For example, when an organ as venerable as The Nation publishes something like this—something that bears very little resemblance to the published political utterances of, say, Noam Chomsky, Edward Said, Toni Morrison, or Cornel West—one is not, on pain of being thought a philistine or a rube or far worse, supposed to notice that it is a racialist hate discourse, which, in its resemblance to prior forms of corporatist-fascist ideology, is basically incompatible with the “structure of feeling” that used to prevail among American left-liberals as recently as a decade ago. (You won’t catch me noticing any such thing—I’ve been to college!)
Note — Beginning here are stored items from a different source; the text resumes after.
(* Let $R(m,n)$ be a rectangular supergrid graph with $m\ge 3$ and $n\ge 2$, and let $s=w=(1,1)$, $t=z=(2,1)$ and $f=(3,1)$. Then there exists a Hamiltonian $(s,t)$-path $P$ of $R(m,n)$ such that the edge $(z,f)$ belongs to $P$.
   Context: The rectangular supergrid graph $R(m,n)$ has vertex set $\{(x,y)\in\mathbb{Z}^2:1\le x\le m,\ 1\le y\le n\}$, two distinct vertices $u,v$ being adjacent iff $|u_x-v_x|\le 1$ and $|u_y-v_y|\le 1$. A Hamiltonian $(s,t)$-path is a simple path from $s$ to $t$ visiting every vertex exactly once. *)

From mathcomp Require Import all_boot.
Set Implicit Arguments. Unset Strict Implicit. Unset Printing Implicit Defensive.

Definition vertex := (nat * nat)%type.

Definition in_grid (m n : nat) (v : vertex) : bool :=
  (1 <= v.1 <= m) && (1 <= v.2 <= n).

Definition close (a b : nat) : bool := (a <= b.+1) && (b <= a.+1).

Definition sg_adj (m n : nat) (u v : vertex) : bool :=
  [&& in_grid m n u, in_grid m n v, u != v, close u.1 v.1 & close u.2 v.2].

Definition ham_path (m n : nat) (s t : vertex) (p : seq vertex) : Prop :=
  [/\ p != [::], head s p = s, last s p = t & uniq p] /\
  [/\ path (sg_adj m n) s (behead p),
      all (in_grid m n) p
    & forall v, in_grid m n v -> v \in p].

Definition path_has_edge (p : seq vertex) (u v : vertex) : Prop :=
  exists i, i.+1 < size p /\
    ((nth u p i = u /\ nth u p i.+1 = v) \/ (nth u p i = v /\ nth u p i.+1 = u)).

(** The path climbs column 1 from (1,1) to (1,n), sweeps the block
    [2..m] x [2..n] from its top-left corner (2,n) to its bottom-right corner
    (m,2), drops to (m,1) and runs back along row 1 to (3,1) and finally (2,1).
    The block is swept row by row, alternating directions; when the number of
    rows is even, the last two rows are covered together column by column,
    which uses the diagonal edges of the supergrid and fixes the parity so
    that the sweep ends at the bottom-right corner. *)

From mathcomp Require Import all_boot zify.

Set Implicit Arguments.
Unset Strict Implicit.
Unset Printing Implicit Defensive.

(* [sg_adj m n] is [king] restricted to R(m,n); working with [king] lets the
   pieces be built independently of the grid they end up in. *)
Definition king (u v : vertex) : bool :=
  [&& u != v, close u.1 v.1 & close u.2 v.2].

Lemma king_pair a b c d :
  king (a, b) (c, d) = [&& (a != c) || (b != d), close a c & close b d].
Proof. by rewrite /king xpair_eqE negb_and. Qed.

Lemma king_sym : symmetric king.
Proof. by move=> [a b] [c d]; rewrite !king_pair /close; lia. Qed.

Definition rect (x1 x2 y1 y2 : nat) : {pred vertex} :=
  [pred v | (x1 <= v.1 <= x2) && (y1 <= v.2 <= y2)].

Ltac grid_arith :=
  first [by rewrite king_pair /close; lia | by move=> [a b]; rewrite !inE /=; lia].

Definition spanning_path (A : {pred vertex}) (s : vertex) (q : seq vertex)
    (t : vertex) : Prop :=
  [/\ path king s q, last s q = t, uniq (s :: q) & s :: q =i A].

Lemma spanning_path_cat (C A B : {pred vertex}) s p t u q v :
  spanning_path A s p t -> spanning_path B u q v -> king t u ->
  {in A, forall x, x \notin B} -> C =i [predU A & B] ->
  spanning_path C s (p ++ u :: q) v.
Proof.
move=> [Pp Lp Up Ap] [Pq Lq Uq Aq] tu AB CAB; split.
- by rewrite cat_path Pp /= Lp tu.
- by rewrite last_cat.
- rewrite -cat_cons cat_uniq Up Uq andbT andTb; apply/hasPn => x.
  by rewrite Aq Ap => xB; apply/negP => /AB; rewrite xB.
- by move=> x; rewrite CAB -cat_cons mem_cat Ap Aq.
Qed.

Lemma spanning_path_rev A s q t :
  spanning_path A s q t -> spanning_path A t (rev (belast s q)) s.
Proof.
move=> [Pq Lq Uq Aq]; rewrite -Lq; split.
- by rewrite rev_path (eq_path (e' := king)) // => x y; apply: king_sym.
- by rewrite -(last_cons s) -rev_rcons -lastI rev_cons last_rcons.
- by rewrite -rev_rcons -lastI rev_uniq.
- by move=> x; rewrite -rev_rcons -lastI mem_rev Aq.
Qed.

Lemma point_spanning_path x y : spanning_path (rect x x y y) (x, y) [::] (x, y).
Proof. by split=> // -[a b]; rewrite !inE xpair_eqE /=; lia. Qed.

Lemma row_spanning_path x1 x2 y : x1 <= x2 ->
  exists q, spanning_path (rect x1 x2 y y) (x1, y) q (x2, y).
Proof.
move=> /subnKC <-; elim: (x2 - x1) => [|k [q Pq]].
  by exists [::]; rewrite addn0; apply: point_spanning_path.
exists (q ++ [:: (x1 + k.+1, y)]).
by apply: (spanning_path_cat Pq (point_spanning_path _ _)); grid_arith.
Qed.

Lemma column_spanning_path x y1 y2 : y1 <= y2 ->
  exists q, spanning_path (rect x x y1 y2) (x, y1) q (x, y2).
Proof.
move=> /subnKC <-; elim: (y2 - y1) => [|k [q Pq]].
  by exists [::]; rewrite addn0; apply: point_spanning_path.
exists (q ++ [:: (x, y1 + k.+1)]).
by apply: (spanning_path_cat Pq (point_spanning_path _ _)); grid_arith.
Qed.

Lemma zigzag_spanning_path x1 x2 y : x1 <= x2 ->
  exists q, spanning_path (rect x1 x2 y y.+1) (x1, y.+1) q (x2, y).
Proof.
have down x : exists q, spanning_path (rect x x y y.+1) (x, y.+1) q (x, y).
  have [q /spanning_path_rev Pq] := column_spanning_path x (leqnSn y).
  by exists (rev (belast (x, y) q)).
move=> /subnKC <-; elim: (x2 - x1) => [|k [q Pq]]; first by rewrite addn0.
have [r Pr] := down (x1 + k.+1).
by exists (q ++ (x1 + k.+1, y.+1) :: r); apply: (spanning_path_cat Pq Pr); grid_arith.
Qed.

Lemma block_spanning_path x1 x2 y1 y2 : x1 <= x2 -> y1 <= y2 ->
  exists q, spanning_path (rect x1 x2 y1 y2) (x1, y2) q (x2, y1).
Proof.
move=> le_x; elim/ltn_ind: y2 => y2 IH le_y.
have [->|[->|lt_y]] : y2 = y1 \/ y2 = y1.+1 \/ y1.+2 <= y2 by lia.
- exact: row_spanning_path.
- exact: zigzag_spanning_path.
have [q1 P1] := row_spanning_path y2 le_x.
have [q2 /spanning_path_rev P2] := row_spanning_path y2.-1 le_x.
have [q3 P3] := IH y2.-2 ltac:(lia) ltac:(lia).
eexists; apply: (spanning_path_cat
  (spanning_path_cat (C := rect x1 x2 y2.-1 y2) P1 P2 _ _ _) P3); grid_arith.
Qed.

Lemma spanning_path_ham_path m n s q t :
  spanning_path (rect 1 m 1 n) s q t -> ham_path m n s t (s :: q).
Proof.
move=> [Pq Lq Uq Aq].
have grid_q : all (in_grid m n) (s :: q) by apply/allP => v; rewrite Aq.
split; split=> //; last by move=> v; rewrite Aq.
apply: sub_in_path grid_q Pq => u v gu gv uv.
by rewrite /sg_adj (gu : in_grid m n u) (gv : in_grid m n v).
Qed.

Lemma path_has_edge_last x p u v :
  last x p = u -> path_has_edge (rcons (x :: p) v) v u.
Proof.
move=> Lp; exists (size p); rewrite size_rcons !nth_rcons /= !ltnSn ltnn eqxx.
split=> //; right; split=> //; rewrite -Lp; exact: (nth_last v (x :: p)).
Qed.

Theorem lemma4 (m n : nat) : 3 <= m -> 2 <= n ->
  let s := (1, 1) in let t := (2, 1) in let z := (2, 1) in let f := (3, 1) in
  exists p : seq vertex, ham_path m n s t p /\ path_has_edge p z f.
Proof.
move=> le3m le2n /=.
have [qc Pc] := column_spanning_path 1 (ltnW le2n).
have [qb Pb] := block_spanning_path (ltnW le3m) le2n.
have [qr /spanning_path_rev Pr] := row_spanning_path 1 le3m.
eexists; split.
  apply/spanning_path_ham_path/(spanning_path_cat Pc
    (spanning_path_cat (C := rect 2 m 1 n) Pb
      (spanning_path_cat (C := rect 2 m 1 1) Pr (point_spanning_path 2 1) _ _ _)
      _ _ _)); grid_arith.
rewrite cats1 -rcons_cons -rcons_cat -rcons_cons -rcons_cat -rcons_cons.
apply: path_has_edge_last; rewrite !(last_cat, last_cons).
by case: Pr.
Qed.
Second, and in counterpoint, evident everywhere we see the quiet and creeping influence of a so-far not-quite-denominated emergent counterculture—let’s call them the post-liberals, a formation that ranges up and down cultural registers and from left to right in politics, but which converges on an essentially aesthetic hostility to the new highbrow regime and its middlebrow art-troupers described above. I wish some sociologist would visually map out this counterculture, but it’s not a spot on the political compass so much as a sensibility rhizomatically tangled under the whole field, with roots traversing the “dirtbags” on the left (the Chapo crew), the IDW and its fellow-travelers in the middle (Yang, Siegel, Greenwald, Chatterton Williams), and NRx (Land, Yarvin) and Catholic reaction (Deneen, Ahmari) on the right, as well the superficially apolitical avant-garde literature, art, and music worlds and the Thiellist dissident wing of Silicon Valley.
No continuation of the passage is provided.